Definition out_of_reach (s : list (nat * nat)) (v : nat) : Prop :=
  ~ passive_in s v /\ (matched s v = true \/ forall x, adj G v x = true -> matched s x = true).

Lemma out_of_reach_step y s e v :
  out_of_reach s v -> out_of_reach (ranking_step G y s e) v.
Proof.
  intros [Hnp Hv]. destruct e as [w|w]; [split; auto|].
  rewrite ranking_step_Dl. destruct (matched s w) eqn:Hw; [split; auto|].
  destruct (argmin y (candidates G s w)) as [z|] eqn:Hz; [|split; auto].
  apply argmin_In, candidates_spec in Hz as (_ & Hwz & Hz).
  assert (z <> v).
  { intros ->. destruct Hv as [Hv|Hv]; [congruence|].
    rewrite adj_sym in Hwz. rewrite (Hv w Hwz) in Hw; discriminate. }
  split.
  - intros [c Hc]; apply in_app_or in Hc as [Hc|[Hc|[]]]; [apply Hnp; exists c; exact Hc|].
    injection Hc; auto.
  - destruct Hv as [Hv|Hv]; [left; apply matched_app, Hv|right; intros x Hx; apply matched_app; auto].
Qed.

Lemma out_of_reach_fold y l s v :
  out_of_reach s v -> out_of_reach (fold_left (ranking_step G y) l s) v.
Proof.
  revert s; induction l as [|e l IH]; simpl; intros s H; auto.
  apply IH, out_of_reach_step, H.
Qed.

Lemma verts_In x : is_vertex G x -> In x (verts G).
Proof.
  intros H; apply in_flat_map; exists (Arr x); simpl; auto.
Qed.

Lemma out_of_reach_deadline y s v :
  matched s v = false -> out_of_reach (ranking_step G y s (Dl v)) v.
Proof.
  intros Hm. assert (Hnp : ~ passive_in s v).
  { intros [c Hc]. rewrite (matched_passive_in _ _ _ Hc) in Hm; discriminate. }
  rewrite ranking_step_Dl, Hm.
  destruct (argmin y (candidates G s v)) as [z|] eqn:Hz.
  - apply argmin_In, candidates_spec in Hz as (_ & Hvz & _).
    assert (z <> v) by (intros ->; rewrite adj_irrefl in Hvz; discriminate).
    split.
    + intros [c Hc]; apply in_app_or in Hc as [Hc|[Hc|[]]]; [apply Hnp; exists c; exact Hc|].
      injection Hc; auto.
    + left. unfold matched; rewrite existsb_app; simpl; rewrite Nat.eqb_refl; apply orb_true_r.
  - apply argmin_None in Hz. split; [exact Hnp|right].
    intros x Hx. destruct (matched s x) eqn:E; auto. exfalso.
    assert (Hin : In x (candidates G s v)).
    { apply candidates_spec; repeat split; auto.
      apply verts_In, (adj_vertex x v); rewrite adj_sym; exact Hx. }
    rewrite Hz in Hin; destruct Hin.
Qed.

Lemma not_passive_after_deadline y l s v :
  matched s v = false ->
  ~ passive_in (fold_left (ranking_step G y) l (ranking_step G y s (Dl v))) v.
Proof.
  intros Hm; apply out_of_reach_fold, out_of_reach_deadline, Hm.
Qed.

Section Coupling.

Variables (u v : nat) (ya yb za zb : nat -> R).
Hypothesis u_neq_v : u <> v.
Hypothesis ya_yb : forall x, x <> u -> ya x = yb x.
Hypothesis ya_za : forall x, x <> v -> ya x = za x.
Hypothesis yb_zb : forall x, x <> v -> yb x = zb x.

(* While [v] is unmatched, Ranking on [G] with ranks [ya] makes the same choices as on
   [G - v] with ranks [za], unless it chooses [v]; so if [u] is never chosen in [G - v],
   the choices in [G] do not depend on the rank of [u]. *)
Lemma passive_in_coupled l s :
  matched s v = false ->
  ~ passive_in (fold_left (ranking_step (remove_vertex G v) za) l s) u ->
  ~ passive_in (fold_left (ranking_step (remove_vertex G v) zb) l s) u ->
  passive_in (fold_left (ranking_step G ya) l s) v <->
  passive_in (fold_left (ranking_step G yb) l s) v.
Proof.
  revert s; induction l as [|[x|x] l IH]; cbn [fold_left]; intros s Hv Ha Hb; [tauto|auto|].
  destruct (Nat.eq_dec x v) as [->|Hxv].
  { split; intros Hp; exfalso; eapply not_passive_after_deadline; eauto. }
  destruct (matched s x) eqn:Hx.
  { rewrite !ranking_step_Dl, Hx in *; auto. }
  set (L := candidates G s x).
  assert (Ca := argmin_candidates_remove_vertex G v s x ya za Hxv ya_za).
  assert (Cb := argmin_candidates_remove_vertex G v s x yb zb Hxv yb_zb).
  fold L in Ca, Cb.
  assert (Nua : argmin ya L <> Some u).
  { destruct Ca as [-> | ->]; [intros E; injection E; auto|].
    intros E; exact (Ha (passive_in_fold_chosen _ _ _ _ _ _ Hx E)). }
  assert (Nub : argmin yb L <> Some u).
  { destruct Cb as [-> | ->]; [intros E; injection E; auto|].
    intros E; exact (Hb (passive_in_fold_chosen _ _ _ _ _ _ Hx E)). }
  assert (Q : argmin ya L = argmin yb L) by exact (argmin_agree_off u ya yb L ya_yb Nua Nub).
  destruct (classic (argmin ya L = Some v)) as [Ev|Nv].
  { split; intros _; apply passive_in_fold_chosen; fold L; congruence. }
  assert (Sab : ranking_step G ya s (Dl x) = ranking_step G yb s (Dl x))
    by (rewrite !ranking_step_Dl; fold L; rewrite Q; reflexivity).
  assert (Sa : ranking_step G ya s (Dl x) = ranking_step (remove_vertex G v) za s (Dl x))
    by (apply ranking_step_remove_vertex; auto).
  assert (Sb : ranking_step G yb s (Dl x) = ranking_step (remove_vertex G v) zb s (Dl x))
    by (apply ranking_step_remove_vertex; auto; fold L; congruence).
  rewrite <- Sab; apply IH.
  - apply matched_ranking_step_Dl; auto.
  - rewrite Sa; exact Ha.
  - rewrite Sab, Sb; exact Hb.
Qed.

End Coupling.

End Ranking.

Lemma passive_at_minus_below H z w th t :
  passive_at_minus H z w th -> t < th -> passive H (upd z w t) w.
Proof.
  intros (eps & Heps & Hp) Ht.
  apply (passive_upd_le H z w (Rmax t (th - eps / 2))); [apply Hp|apply Rmax_l].
  split; [apply Rlt_le_trans with (th - eps / 2); [lra|apply Rmax_r]|].
  apply Rmax_lub_lt; lra.
Qed.

Lemma passive_at_minus_of_passive H z w a :
  passive H (upd z w a) w -> passive_at_minus H z w a.
Proof.
  intros Hp; exists 1; split; [lra|]. intros t Ht; apply (passive_upd_le H z w a); [exact Hp|lra].
Qed.

Lemma marginal_rank_bounds H z w th : is_marginal_rank H z w th -> 0 <= th <= 1.
Proof. intros [[Hth _]|[_ ->]]; lra. Qed.

(* The marginal rank is the supremum of the [th] in [0, 1] with [w] passive at [th^-];
   by monotonicity in the rank of [w], this supremum is attained. *)
Lemma marginal_rank_exists H z w : exists th, is_marginal_rank H z w th.
Proof.
  set (S := fun th => 0 <= th <= 1 /\ passive_at_minus H z w th).
  destruct (classic (exists th, S th)) as [Hex|Hnone].
  2: { exists 0; right; split; [|reflexivity]. intros th Hth Hp; apply Hnone; exists th; split; auto. }
  assert (Hbound : bound S) by (exists 1; intros x [Hx _]; lra).
  destruct (completeness S Hbound Hex) as [m [Hub Hlub]].
  destruct Hex as [th0 Hth0].
  assert (m <= 1) by (apply Hlub; intros x [Hx _]; lra).
  assert (th0 <= m) by (apply Hub, Hth0).
  exists m; left; split; [destruct Hth0; lra|split].
  - exists 1; split; [lra|]; intros t Ht.
    destruct (classic (exists th, S th /\ t < th)) as [(th & [_ Hth] & Htth)|Hn].
    + exact (passive_at_minus_below H z w th t Hth Htth).
    + exfalso; enough (m <= t) by lra.
      apply Hlub; intros x Hx; apply Rnot_lt_le; intros Htx; apply Hn; exists x; auto.
  - intros th Hth Hp; apply Hub; split; assumption.
Qed.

→ What to work on
Write out every line of the entries that holds the word "Lemma".

→ Completed exercise
Lemma out_of_reach_step y s e v :
Lemma out_of_reach_fold y l s v :
Lemma verts_In x : is_vertex G x -> In x (verts G).
Lemma out_of_reach_deadline y s v :
Lemma not_passive_after_deadline y l s v :
Lemma passive_in_coupled l s :
Lemma passive_at_minus_below H z w th t :
Lemma passive_at_minus_of_passive H z w a :
Lemma marginal_rank_bounds H z w th : is_marginal_rank H z w th -> 0 <= th <= 1.
Lemma marginal_rank_exists H z w : exists th, is_marginal_rank H z w th.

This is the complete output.